For the integral above, by the definition of $\partial_2 G$ in Eq.\eqref{def_G1_G2}, we have
\begin{equation}
\begin{split}\label{1st_marginal_0_before}
    &\quad \partial_2 G(\bar \varphi_{k+1}, \bar \psi_{k+1})(\by) \nu_{\star}(\dd\by)\\
    &=\nu_{\star}(\dd\by) - \int_{\Omega} e^{\bar \varphi_{k+1}(\bx)+\bar \psi_{k+1}(\by)-c_{\varepsilon}(\bx,\by)}\mu_{\star}(\dd\bx)\nu_{\star}(\dd\by)\\
    &=\nu_{\star}(\dd\by)- \int_{\Omega}\pi_{2k+2}(\dd\bx, \cdot)\frac{\dd \mu_{\star} \otimes\dd\nu_{\star}}{\dd\mu_{\star, k+1}\otimes \dd\nu_{\star, k+1}},
\end{split}
\end{equation}
where the last equality follows by the LHS of Eq.\eqref{approx_potential}, the last integral is with respect to $\bx$.

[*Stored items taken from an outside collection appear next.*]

(* In the setting of the context, under condition (A1) the family $\{a_{v,\sigma}\}_{v\in\mathcal{V}_L^W}$ is connected: for any $v,v'\in\mathcal{V}_L^W$ there is a sequence $v=v_0,v_1,\dots,v_k=v'$ of white vertices such that for each $j$, $a_{v_{j-1},\sigma}$ and $a_{v_j,\sigma}$ are directly connected, meaning there is a vertex $u$ with $\{c^\dagger_{u,\sigma},a_{v_{j-1},\sigma}\}\ne0$ and $\{c^\dagger_{u,\sigma},a_{v_j,\sigma}\}\neq 0$.
   Context: Construction. Let $G_l=(V_l,E_l)$, $l=1,\dots,L$, be complete graphs with $|V_l|\ge 2$. In each $V_l$ one vertex $v_l^0$ is painted black, the others white. Set $\mathcal{G}_1=G_1$. For $l=2,\dots,L$: choose an integer $z_l$ with $0<z_l\le |V_l|-1$, choose $z_l$ white vertices of $V_l$ and identify each with a vertex (black or white; distinct with distinct) of $\mathcal{V}_{l-1}$; $\mathcal{V}_l=\mathcal{V}_{l-1}\cup V_l$ with these identifications and $\mathcal{E}_l=\mathcal{E}_{l-1}\cup E_l$. A white vertex identified with a black one becomes black; two identified white vertices stay white; $v_l^0$ is never identified with an earlier vertex. $\mathcal{V}_l^W$ denotes the white vertices of $\mathcal{G}_l$. Directed edges: $\vec{\mathcal{E}}_L=\bigcup_l\{(v,v_l^0):v\in V_l\setminus\{v_l^0\}\}$; directed paths (including the trivial path $(v)$), reachable set $R(v)$, number $N(v\to u)$ of directed paths from $v$ to $u$, and $|(v\to u)_j|$ the number of vertices on the $j$-th path. Condition (A1): for every $l\in\{2,\dots,L\}$ with $z_l\neq|V_l|-1$ there exists $v\in\mathcal{V}_{l-1}^W$ with $N(v\to v_l^0)$ odd. Fermions $c_{v,\sigma}$ with canonical anticommutation relations; for white $v$, $a_{v,\sigma}=\sum_{u\in R(v)}\big(\sum_{j=1}^{N(v\to u)}(-1)^{|(v\to u)_j|-1}\big)c_{u,\sigma}$. *)

From mathcomp Require Import all_boot all_order all_algebra all_field.
Unset Strict Implicit. Unset Printing Implicit Defensive.
Import Order.TTheory GRing.Theory Num.Theory.
Local Open Scope ring_scope.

Apply Lemma \ref{control_diff_measure} with respect to $\frac{\dd \mu_{\star}}{\dd\mu_{\star, k+1}}(\bx)$ 
    \begin{equation}
    \begin{split}\label{1st_key_result}
        \quad \int_{\Omega}\pi_{2k+2}(\dd\bx, \cdot)\frac{\dd \mu_{\star} \otimes\dd\nu_{\star}}{\dd\mu_{\star, k+1}\otimes \dd\nu_{\star, k+1}} & \leq  \int_{\Omega} \big(1+O(\epsilon)\big)\pi_{2k+2}(\dd\bx, \cdot) \frac{\nu_{\star}(\dd\by)}{\nu_{\star, k+1}(\dd\by)} \\
        & \leq \big(1+O(\epsilon)\big) \nu_{\star, k+1}(\dd\by)\frac{ \nu_{\star}(\dd\by)}{\nu_{\star, k+1}(\dd\by)} \\
        &= \big(1+O(\epsilon)\big) \nu_{\star}(\dd\by),
    \end{split}
    \end{equation}
where the second inequality is derived by the fact that the second marginal of $\pi_{2k+2}$ is $\nu_{\star, k+1}$ in Eq.\eqref{marginal_eqn}. Similarly, we can show $\int_{\Omega}\pi_{2k+2}(\dd\bx, \cdot)\frac{\dd \mu_{\star} \otimes\dd\nu_{\star}}{\dd\mu_{\star, k+1}\otimes \dd\nu_{\star, k+1}}\gtrsim (1-O(\epsilon))\nu_{\star}(\dd\by)$.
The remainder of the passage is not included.